Da ciò ne consegue l'annullamento degli atti impugnati, limitatamente al:

- provvedimento prot. 148276 del 4 aprile 2012 di revoca di concessione di spazio acqueo n. 40267 del 1° maggio 2010 intestata al sig. G. Andrea in rio di S. Zan Degolà a S. Croce;

- provvedimento di prot. 33307 del 15 aprile 2012 con cui il Comune di Venezia ha rilasciato concessione per l'occupazione permanente di spazi acquei al sig. A. Fabrizio nel medesimo spazio acqueo revocato al ricorrente;

- provvedimento di rimozione dell'imbarcazione.

L'annullamento di tali atti è infatti sufficiente per la tutela del bene della vita cui aspira l'appellante.

9. La richiesta di risarcimento va al contrario rigettata non essendo stata fornita prova adeguata del danno subito.

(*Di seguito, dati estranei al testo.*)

(* If $\mathscr{F}=(\Omega,\sqsubseteq,\mathcal{E},\mathcal{A},\mathcal{K},\mathcal{B})$ is an epistemic possibility frame, then $\mathscr{F}^+=((\mathcal{E},\subseteq),\mathbf{A},\mathbf{K},\mathbf{B})$ is an epistemic awareness algebra.
   Context: For a poset $(\Omega,\sqsubseteq)$, let $\downarrow E=\{\omega\mid \omega\sqsubseteq\nu\text{ for some }\nu\in E\}$, $\downarrow\nu=\downarrow\{\nu\}$, $\rho(E)=\{\omega\mid \forall\omega'\sqsubseteq\omega\ \exists\omega''\sqsubseteq\omega'\colon \omega''\in\downarrow E\}$; $\mathcal{RO}(\Omega,\sqsubseteq)=\{E\mid\rho(E)=E\}$, a Boolean algebra under $\subseteq$ with meet $\cap$, join $E\sqcup F=\rho(E\cup F)$, complement $\neg E=\{\omega\mid\forall\omega'\sqsubseteq\omega,\ \omega'\notin E\}$. $\max(E)=\{\omega\in E\mid\text{no }\nu\in E\text{ with }\omega\sqsubseteq\nu,\ \nu\not\sqsubseteq\omega\}$. A possibility frame $(\Omega,\sqsubseteq,\mathcal{E})$ has $\mathcal{E}\subseteq\mathcal{RO}(\Omega,\sqsubseteq)$ nonempty, closed under binary $\cap$ and $\neg$; quasi-principal means: for all $E\in\mathcal{E}$, $\omega\in E$, $\omega\in\downarrow\max(E)$. A possibility frame with awareness $(\Omega,\sqsubseteq,\mathcal{E},\mathcal{A})$: $(\Omega,\sqsubseteq,\mathcal{E})$ quasi-principal with maximum element $m$; $\mathcal{A}:\Omega\to\wp(\Omega)$ with, for all $\omega,\omega',\nu$: $m\in\mathcal{A}(\omega)$; $\nu\in\mathcal{A}(\omega)\Rightarrow\downarrow\nu\in\mathcal{E}$; $\omega'\sqsubseteq\omega\Rightarrow\mathcal{A}(\omega)\subseteq\mathcal{A}(\omega')$; $\nu\notin\mathcal{A}(\omega)\Rightarrow\exists\omega'\sqsubseteq\omega\ \forall\omega''\sqsubseteq\omega'\ \nu\notin\mathcal{A}(\omega'')$; if $\nu\in\mathcal{A}(\omega)$, $E,E'\in\mathcal{E}$ and $\max(E\cap\downarrow\nu)\cup\max(E'\cap\downarrow\nu)\subseteq\mathcal{A}(\omega)$ then $\max((E\sqcup E')\cap\downarrow\nu)\subseteq\mathcal{A}(\omega)$; and $\mathcal{E}$ is closed under $\mathbf{A}$, where $\omega\in\mathbf{A}(E)$ iff $\forall\omega'\sqsubseteq\omega\ \forall\nu\in\mathcal{A}(\omega')$: $\max(E\cap\downarrow\nu)\cup\max(\neg E\cap\downarrow\nu)\subseteq\mathcal{A}(\omega')$. An epistemic possibility frame $(\Omega,\sqsubseteq,\mathcal{E},\mathcal{A},\mathcal{K},\mathcal{B})$ adds $\mathcal{K},\mathcal{B}:\Omega\to\wp(\Omega)$ such that for $\mathcal{R}\in\{\mathcal{K},\mathcal{B}\}$: $\omega'\sqsubseteq\omega\Rightarrow\mathcal{R}(\omega')\subseteq\mathcal{R}(\omega)$; $\mathcal{R}(\omega)\in\mathcal{RO}(\Omega,\sqsubseteq)$; $\nu\in\mathcal{R}(\omega)\Rightarrow\exists\omega'\sqsubseteq\omega\ \forall\omega''\sqsubseteq\omega'\ \exists\nu'\sqsubseteq\nu\colon\nu'\in\mathcal{R}(\omega'')$; $\omega\in\mathcal{K}(\omega)$; $\mathcal{B}(\omega)\neq\varnothing$; $\mathcal{B}(\omega)\subseteq\mathcal{K}(\omega)$; and $\{\omega\mid\mathcal{R}(\omega)\subseteq E\}\in\mathcal{E}$ for $E\in\mathcal{E}$. Define $\mathbf{K}(E)=\{\omega\mid\mathcal{K}(\omega)\subseteq E,\ \omega\in\mathbf{A}(E)\}$, $\mathbf{B}(E)=\{\omega\mid\mathcal{B}(\omega)\subseteq E,\ \omega\in\mathbf{A}(E)\}$. An epistemic awareness algebra is $(\mathbb{B},A,K,B)$, $\mathbb{B}$ a Boolean algebra, $A,K,B$ unary operations such that for all $a,b$ and $\Box\in\{K,B\}$: $A1=1$; $Aa=A\neg a$; $Aa\sqcap Ab\le A(a\sqcap b)$; $K1=1$; $\Box a\sqcap\Box b\le\Box(a\sqcap b)$; if $a\le b$ then $\Box a\sqcap Ab\le\Box b$; $Ka\le a$; $B0=0$; $Ka\le Ba$; $Ba\le Aa$. *)

Set Implicit Arguments.

Section PossDefs.
Variable Omega : Type.
Variable le : Omega -> Omega -> Prop.

Definition pset := Omega -> Prop.

Definition subset (E F : pset) : Prop := forall w, E w -> F w.
Definition inter (E F : pset) : pset := fun w => E w /\ F w.
Definition union (E F : pset) : pset := fun w => E w \/ F w.
Definition emptyset : pset := fun _ => False.
Definition fullset : pset := fun _ => True.

Definition down (E : pset) : pset := fun w => exists v, E v /\ le w v.
Definition down1 (v : Omega) : pset := down (fun u => u = v).

Definition rho (E : pset) : pset :=
  fun w => forall w', le w' w -> exists w'', le w'' w' /\ down E w''.

Definition RO (E : pset) : Prop := forall w, rho E w <-> E w.

Definition negs (E : pset) : pset := fun w => forall w', le w' w -> ~ E w'.
Definition joins (E F : pset) : pset := rho (union E F).

Definition maxs (E : pset) : pset :=
  fun w => E w /\ ~ (exists v, E v /\ le w v /\ ~ le v w).

Definition poset : Prop :=
  (forall w, le w w) /\
  (forall u v w, le u v -> le v w -> le u w) /\
  (forall u v, le u v -> le v u -> u = v).

Definition possibility_frame (Ecal : pset -> Prop) : Prop :=
  poset /\
  (forall E, Ecal E -> RO E) /\
  (exists E, Ecal E) /\
  (forall E F, Ecal E -> Ecal F -> Ecal (inter E F)) /\
  (forall E, Ecal E -> Ecal (negs E)).

Definition quasi_principal (Ecal : pset -> Prop) : Prop :=
  forall E w, Ecal E -> E w -> down (maxs E) w.

(* Awareness: Acal w v  means  v ∈ 𝒜(w) *)
Definition boldA (Acal : Omega -> Omega -> Prop) (E : pset) : pset :=
  fun w => forall w', le w' w -> forall v, Acal w' v ->
    forall u, union (maxs (inter E (down1 v))) (maxs (inter (negs E) (down1 v))) u ->
      Acal w' u.

Definition awareness_frame (Ecal : pset -> Prop) (Acal : Omega -> Omega -> Prop) : Prop :=
  possibility_frame Ecal /\ quasi_principal Ecal /\
  (exists m, (forall w, le w m) /\
     (forall w, Acal w m)) /\
  (forall w v, Acal w v -> Ecal (down1 v)) /\
  (forall w w', le w' w -> forall v, Acal w v -> Acal w' v) /\
  (forall w v, ~ Acal w v ->
     exists w', le w' w /\ forall w'', le w'' w' -> ~ Acal w'' v) /\
  (forall w v E E', Acal w v -> Ecal E -> Ecal E' ->
     (forall u, union (maxs (inter E (down1 v))) (maxs (inter E' (down1 v))) u -> Acal w u) ->
     (forall u, maxs (inter (joins E E') (down1 v)) u -> Acal w u)) /\
  (forall E, Ecal E -> Ecal (boldA Acal E)).

(* conditions on an accessibility map R : Omega -> pset (R w u means u ∈ R(w)) *)
Definition accessibility_ok (Ecal : pset -> Prop) (R : Omega -> Omega -> Prop) : Prop :=
  (forall w w', le w' w -> subset (R w') (R w)) /\
  (forall w, RO (R w)) /\
  (forall w v, R w v -> exists w', le w' w /\
      forall w'', le w'' w' -> exists v', le v' v /\ R w'' v') /\
  (forall E, Ecal E -> Ecal (fun w => subset (R w) E)).

Definition epistemic_frame (Ecal : pset -> Prop) (Acal Kc Bc : Omega -> Omega -> Prop) : Prop :=
  awareness_frame Ecal Acal /\
  accessibility_ok Ecal Kc /\ accessibility_ok Ecal Bc /\
  (forall w, Kc w w) /\
  (forall w, exists u, Bc w u) /\
  (forall w, subset (Bc w) (Kc w)).

Definition boldK (Acal Kc : Omega -> Omega -> Prop) (E : pset) : pset :=
  fun w => subset (Kc w) E /\ boldA Acal E w.
Definition boldB (Acal Bc : Omega -> Omega -> Prop) (E : pset) : pset :=
  fun w => subset (Bc w) E /\ boldA Acal E w.

End PossDefs.

Definition boolean_algebra_on (X : Type) (C : X -> Prop) (le : X -> X -> Prop)
  (meet join : X -> X -> X) (neg : X -> X) (bot top : X) : Prop :=
  C bot /\ C top /\
  (forall a b, C a -> C b -> C (meet a b)) /\
  (forall a b, C a -> C b -> C (join a b)) /\
  (forall a, C a -> C (neg a)) /\
  (forall a, C a -> le a a) /\
  (forall a b c, C a -> C b -> C c -> le a b -> le b c -> le a c) /\
  (forall a b, C a -> C b -> le a b -> le b a -> a = b) /\
  (forall a b, C a -> C b -> le (meet a b) a /\ le (meet a b) b) /\
  (forall a b c, C a -> C b -> C c -> le c a -> le c b -> le c (meet a b)) /\
  (forall a b, C a -> C b -> le a (join a b) /\ le b (join a b)) /\
  (forall a b c, C a -> C b -> C c -> le a c -> le b c -> le (join a b) c) /\
  (forall a, C a -> le bot a /\ le a top) /\
  (forall a b c, C a -> C b -> C c -> meet a (join b c) = join (meet a b) (meet a c)) /\
  (forall a, C a -> meet a (neg a) = bot /\ join a (neg a) = top).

10. Sussistono giusti motivi per compensare tra le parti le spese del giudizio.

P.Q.M.

il Consiglio di Stato in sede giurisdizionale (Sezione Sesta) definitivamente pronunciando sull'appello, come in epigrafe proposto, lo accoglie in parte e, per l'effetto, annulla:

- il provvedimento prot. 148276 del 4 aprile 2012 di revoca di concessione di spazio acqueo n. 40267 del 1° maggio 2010 intestata al sig. G. Andrea in rio di S. Zan Degolà a S. Croce;

- il provvedimento di prot. 33307 del 15 aprile 2012 con cui il Comune di Venezia ha rilasciato concessione per l'occupazione permanente di spazi acquei al sig. A. Fabrizio nel medesimo spazio acqueo revocato al ricorrente;

- il provvedimento di rimozione dell'imbarcazione.

Rigetta la domanda di risarcimento del danno.

Spese compensate.

Ordina che la presente sentenza sia eseguita dall'autorità amministrativa.